Dobra, to teraz podział na linie. Jest tego trochę:


1. S-bahn to tzw. szybka kolej miejska (Stadt-Schnell-Bahn). To w sumie najstarsza sieć - początki datowane są na 1882 rok jeszcze jako Stadtbahn. Potem dokładano kolejne "klocki" takie jak kolej podmiejska (Vorotbahn) czy okrężna (Ringbahn) - to właśnie ta linia wyznacza granicę między strefami A i B. Generalnie jednak sbahn w obecnym rozumieniu (po połączeniu wymienionych tras w jedno) datuje się na 1924 rok...

Kolejna mapka: https://upload.wikimedia.org/wikipedia/commons/e/e2/Topographischer_Netzplan_der_S-Bahn_Berlin.png

Tak wyglądają trasy sbahn w wersji "rzeczywistej" a nie schematycznej. Z racji specyficznego układu tras strefa A nazywana jest "psim łbem" (Hundekopf)

S-bahn jest wręcz podstawą komunikacji publicznej. Łączna długość torowisk to 331.5 km, 15 linii, składy liczą nawet po 200 metrów a dziennie przewożą ok. 1.3 miliona osób.

Sbahny wyglądają tak: https://upload.wikimedia.org/wikipedia/commons/5/5c/S-Bahn_Berlin_Baureihe_481.jpg

Aha, Sbahny są współwłasnością Deutsche Bahn więc ewentualne strajki wpływają na ich funkcjonowanie (a strajkować niemieccy kolejarze lubią...)

2. U-bahn. Znaczy metro. Tu nie będę się rozpisywał w obecnym wpisie, bo historia powstania tego tworu jest wystarczająco ciekawa na oddzielny wpis (a w tym mamy do omówienia jeszcze kilka rzeczy). Zasadniczo powiem tylko, że nazwa jest myląca, gdyż pochodzi od Untergrundbahn czyli kolej podziemna... podczas gdy pierwsza linia (U1) pod ziemią nie jeździ wcale i wygląda tak: https://upload.wikimedia.org/wikipedia/commons/9/9c/Oberbaumbr%C3%BCcke_mit_U-Bahn.jpg - przyczyny takiego rozwiązania opiszę następnym razem ale ma to związek m.in. z pobliskimi miejscowościami wchłoniętymi przez metropolię (wspomniałem o tym w drugim wpisie).

To drugi najważniejszy środek komunikacji w Berlinie.
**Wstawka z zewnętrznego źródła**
Lemma min_degree2_cycle (B : {set 'I_n}) x0 :
  x0 \in B -> min_degree2 arc B -> B = [set x in c].
Proof.
move=> x0B deg2.
have sBc : {subset B <= c}.
  move=> x xB; apply/negPn/negP=> xc.
  have xD : x \in B :\: [set x in c] by rewrite !inE xB xc.
  case: (@arg_maxnP _ x [in B :\: [set x in c]] cycle_dist xD) => y.
  rewrite !inE => /andP[yc yB] dist_max.
  have [w1 [w2 [w1B w2B w12 yw1 yw2]]] := deg2 y yB.
  have nbr_parent w : w \in B -> adj arc y w -> w = parent y.
    move=> wB; case/adj_cases=> /andP[h1 /eqP h2].
    - by rewrite h1 in yc.
    - by move: yc; rewrite h2 mem_next h1.
    - exact: h2.
    - have [_] := parentP h1; rewrite -h2 => lt_yw.
      by have := dist_max w; rewrite !inE h1 wB => /(_ isT) /(leq_trans lt_yw); rewrite ltnn.
  by move: w12; rewrite (nbr_parent _ w1B yw1) (nbr_parent _ w2B yw2) eqxx.
have B_next x : x \in c -> x \in B -> next c x \in B.
  move=> xc xB; have [w1 [w2 [w1B w2B w12 xw1 xw2]]] := deg2 x xB.
  have nbr w : w \in B -> adj arc x w -> (w == next c x) || (x == next c w).
    move=> wB; case/adj_cases=> /andP[h1 h2]; rewrite ?h2 ?orbT //.
      by rewrite xc in h1.
    by rewrite (sBc _ wB) in h1.
  case/orP: (nbr _ w1B xw1) => [/eqP<- //|/eqP x_next1].
  case/orP: (nbr _ w2B xw2) => [/eqP<- //|/eqP x_next2].
  by move: w12; rewrite -(prev_next c_uniq w1) -x_next1 -(prev_next c_uniq w2) -x_next2 eqxx.
apply/setP=> y; rewrite inE; apply/idP/idP; first exact: sBc.
exact: (next_closed_cycle c_uniq c_size (sBc _ x0B) x0B B_next).
Qed.

End UnicyclicStructure.

Lemma induced_cycle_eq n (arc : rel 'I_n) (c : seq 'I_n) (B : {set 'I_n}) :
  {subset c <= B} -> (forall x y, x \in B -> y \in B -> adj arc x y = cycle_edge c x y) ->
  has_perfect_matching arc (B :\: [set x in c]) -> B = [set x in c].
Proof.
move=> sCB adjB pm.
have BC0 : B :\: [set x in c] = set0.
  apply: perfect_matching_no_edges pm => x y; rewrite !inE => /andP[xc xB] /andP[_ yB].
  by rewrite adjB // /cycle_edge (negbTE xc).
apply/eqP; rewrite eqEsubset -setD_eq0 BC0 eqxx /=.
by apply/subsetP=> x; rewrite inE; apply: sCB.
Qed.

Theorem theorem5p2 (n : nat) (arc : rel 'I_n) (c : seq 'I_n) :
  oriented_graph arc -> unicyclic arc -> ~~ odd n -> is_cycle arc c ->
  ((\det (skew_adj arc) != 0)%R <->
     (in_U1 arc /\ has_perfect_matching arc [set: 'I_n]) \/
     [/\ in_U2 arc c, oddly_oriented arc c &
         has_perfect_matching arc (~: [set x in c])]).
Proof.
move=> arc_oriented arc_unicyclic _ c_cycle; have [c_uniq c_size _] := c_cycle.
have [x0 _] := cycle_vertex_exists c_cycle.
have adj_c := adj_on_cycle arc_oriented arc_unicyclic c_cycle.
have det_cycle := det_skew_cycle_neq0 x0 arc_oriented c_uniq c_size adj_c.
have pm_reach := delta_reach_perfect_matching arc_oriented.
split=> [det_neq0|].
  have [B reachB terminal] := delta_reach_terminal arc setT.
  have detB : \det (skew_adj_on arc B) != 0.
    by rewrite -(det_delta_reach arc_oriented reachB) skew_adj_onT.
  have [B0|[y yB]] := set_0Vmem B.
    left; split; first by exists B; split=> // x z; rewrite B0 inE.
    rewrite -[setT]setD0; apply/(pm_reach _ _ _ reachB (sub0set _)).
    by rewrite B0 set0D; apply: perfect_matching0.
  have BC := min_degree2_cycle arc_oriented arc_unicyclic c_cycle yB
               (det_terminal_min_degree2 terminal detB).
  have c_even : ~~ odd (size c).
    by apply: contra detB => odd_c; rewrite BC det_skew_adj_on_odd // cardsE (card_uniqP c_uniq).
  right; split.
  - by exists B; split=> //; rewrite BC; split=> [x|x z]; rewrite !inE //; apply: adj_c.
  - by split=> //; apply/(det_cycle c_even); rewrite -BC.
  - rewrite -setTD; apply/(pm_reach _ _ _ reachB); rewrite BC ?setDv //.
    exact: perfect_matching0.
case=> [[[B [reachB noE]] pm] | [[B [reachB [sCB adjB]]] [c_even prod_neg] pm]];
  rewrite -skew_adj_onT (det_delta_reach arc_oriented reachB).
  move: pm; rewrite -[setT]setD0 => /(pm_reach _ _ _ reachB (sub0set _)); rewrite setD0.
  by move/(perfect_matching_no_edges noE)->; rewrite skew_adj_on0 det1 oner_eq0.
have sCB' : [set x in c] \subset B by apply/subsetP=> x; rewrite inE; apply: sCB.
move: pm; rewrite -setTD => /(pm_reach _ _ _ reachB sCB') /(induced_cycle_eq sCB adjB)->.
exact/(det_cycle c_even).
Qed.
Statystyki: składy mają około 100 metrów długości, łącznie jest 10 linii, które łączą 170 stacji i przewożą blisko 1.4 miliona osób dziennie.

No i tu wspomnę o biletach. Zasadniczo najczęstsze kontrole są na trasach przebiegających obok skupisk ludzi niekoniecznie dostosowanych do społeczeństwa - czyt.: okolice ćpunów. A ponieważ już wiecie, że centrum ćpania (i hipsterstwa) to Kreuzberg to łatwo wywnioskować, że w tej okolicy trzeba uważać. W praktyce: szanse na spotkanie kanara w U1 i U8 są znacznie większe niż gdzie indziej, więc warto wydać te 3.2€ na bilet... :P

3. Dochodzimy do mbahnów, czyli tramwajów. Tu nie ma wiele do powiedzenia. Ot, tramwaje, które uzupełniają wcześniej wymienione sieci w niektórych miejscach jeśli budowa oddzielnego torowiska i estakad/tuneli była niemożliwa bądź zwyczajnie nieopłacalna w danym miejscu. Nazwa pochodzi od Magnetbahn czyli kolei magnetycznej, która działała od 1989 do 1991 roku (druga tego typu kolej na świecie). Potem zamknęli, przerobili na tramwaje a nazwa została... Nie pytajcie dlaczego, bo nie wiem. :)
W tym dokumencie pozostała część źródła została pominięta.